Dall’equilibrio tra abilità e sensibilità sono nati oggetti quotidiani, necessari, ergonomici che cambiano il mondo circostante ed il modo di viverlo! Oltre ai progetti descritti poc’anzi, Segis ha presentato così al Salone del Mobile i suoi nuovi prodotti: BE-ON. – la modularità infinita del sistema di poltrone e divani Be-On è la quintessenza dell’ospitalità, che si compone a piacimento creando spazi di molteplici dimensioni e forme, spazi che possono essere arginati da barriere o completamente liberi; REY, un sistema di divani creato sull’idea di un pontile sul quale si adagiano morbide sedute, con un perimetro in legno che definisce la linea e ne esalta le finiture, o ancora COWBOY, un punto di seduta minimo, flessibile, magari scherzoso e sdrammatizzante che risolve mille e più situazioni grazie alla sua forma minimale e alla sua flessibilità d’uso.

Quale è stato il concept dell’allestimento per il Salone del Mobile 2022?

Durante il Salone del Mobile, Segis ha anche illustrato il suo obiettivo di rendere l’esperienza del consumatore memorabile. Progettare una sedia o una poltrona è un lavoro di estrema precisione e competenza, e proprio per questo l’azienda ha come obiettivo la creazione di un ambiente positivo e confortevole per il consumatore. Il salone è stato l’occasione perfetta per diffondere il suo concept dell’allestimento e dell’arredamento.

Qual è la “cosa” più contemporanea, forte e promettente che si sta manifestando a suo avviso sulla scena del design contemporaneo?

Si sta riscoprendo il piacere dello spazio comune, dove le persone si incontrano e condividono: lavoro, svago, relax. Sia negli ambienti domestici, sia in quelli di lavoro, sia negli spazi pubblici di ristoranti, hotel, stazioni e aeroporti, all’aperto o al chiuso, l’incontro torna ad essere un tema centrale, riscoperto dopo un periodo in cui la distanza ha tenuto le persone lontane, in tutti i sensi. Il design ha il compito di interpretare l’incontro, la condivisione, e credo che sarà un tema portante per lungo tempo, da qui in avanti.
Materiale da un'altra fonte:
Section ExponentiallyDominated.
Variables (f : R -> R) (lo C mu : R).
Hypothesis mu_pos : 0 < mu.
Hypothesis f_dominated : forall r, lo < r -> Rabs (f r) <= C * exp (- mu * (r - lo)).

Let E z := exp (- mu * (z - lo)).

Lemma dominating_constant_nonneg : 0 <= C.
Proof.
  assert (h := f_dominated (lo + 1) ltac:(lra)).
  generalize (exp_pos (- mu * (lo + 1 - lo))) (Rabs_pos (f (lo + 1))). nra.
Qed.

Lemma is_RInt_dominant a b : is_RInt (fun r => C * E r) a b (C / mu * (E a - E b)).
Proof.
  replace (C / mu * (E a - E b)) with (minus (- C / mu * E b) (- C / mu * E a))
    by (unfold minus, plus, opp; simpl; field; lra).
  apply (is_RInt_derive (fun r => - C / mu * E r)); intros x _; unfold E.
  - auto_derive; auto. replace (x + - lo) with (x - lo) by ring. field. lra.
  - apply continuity_pt_filterlim, continuity_pt_of_ex_derive. auto_derive. auto.
Qed.

Lemma RInt_dominated a b : lo < a <= b -> ex_RInt f a b ->
  Rabs (RInt f a b) <= C / mu * (E a - E b).
Proof.
  intros Hab Hex.
  assert (Hg := is_RInt_dominant a b).
  assert (Hg' := is_RInt_opp _ _ _ _ Hg).
  apply Rabs_le; split.
  - apply Rle_trans with (RInt (fun r => opp (C * E r)) a b);
      [rewrite (is_RInt_unique (fun r => opp (C * E r)) a b _ Hg'); right; reflexivity|].
    apply RInt_le; [lra | exact (ex_intro _ _ Hg') | exact Hex|].
    intros x Hx. destruct (proj1 (Rabs_le_between _ _) (f_dominated x ltac:(lra))).
    unfold opp, E; simpl; lra.
  - rewrite <- (is_RInt_unique _ _ _ _ Hg).
    apply RInt_le; [lra | exact Hex | exact (ex_intro _ _ Hg)|].
    intros x Hx. destruct (proj1 (Rabs_le_between _ _) (f_dominated x ltac:(lra))).
    unfold opp, E; simpl; lra.
Qed.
Una domanda che è anche un po’ una provocazione: esiste ancora uno stile italiano nel design?

Salone del Mobile 2022 Segis

I prodotti Segis integrano uno stile italiano che si abbina ad uno internazionale grazie all’apporto di designer con culture ed esperienze diverse. Segis rinnova i paradigmi del Design Internazionale, creando prodotti di estrema versatilità e bellezza e tutti complementi d’arredo sono frutto di una costante ricerca di professionisti nel settore, che grazie a una consolidata esperienza e grande passione hanno creato prodotti originali. L’azienda produce accessori utili nella vita quotidiana, adattabili in situazioni differenti e per ogni contesto progettuale, dal Design “vivo”, concreto, pratico.

Cosa significa per voi il concetto di Made in Italy?

Il Made in Italy è la garanzia di un prodotto qualitativo, durevole ed unico che unisce la tradizione italiana con delle tecnologie moderne e innovative. Il concetto riflette una certa singolare artigianalità che è stata tramandata da una generazione all’altra, fornendo un know-how e una conoscenza fondamentali, che risulta in creazioni tipiche apprezzate in tutto il mondo.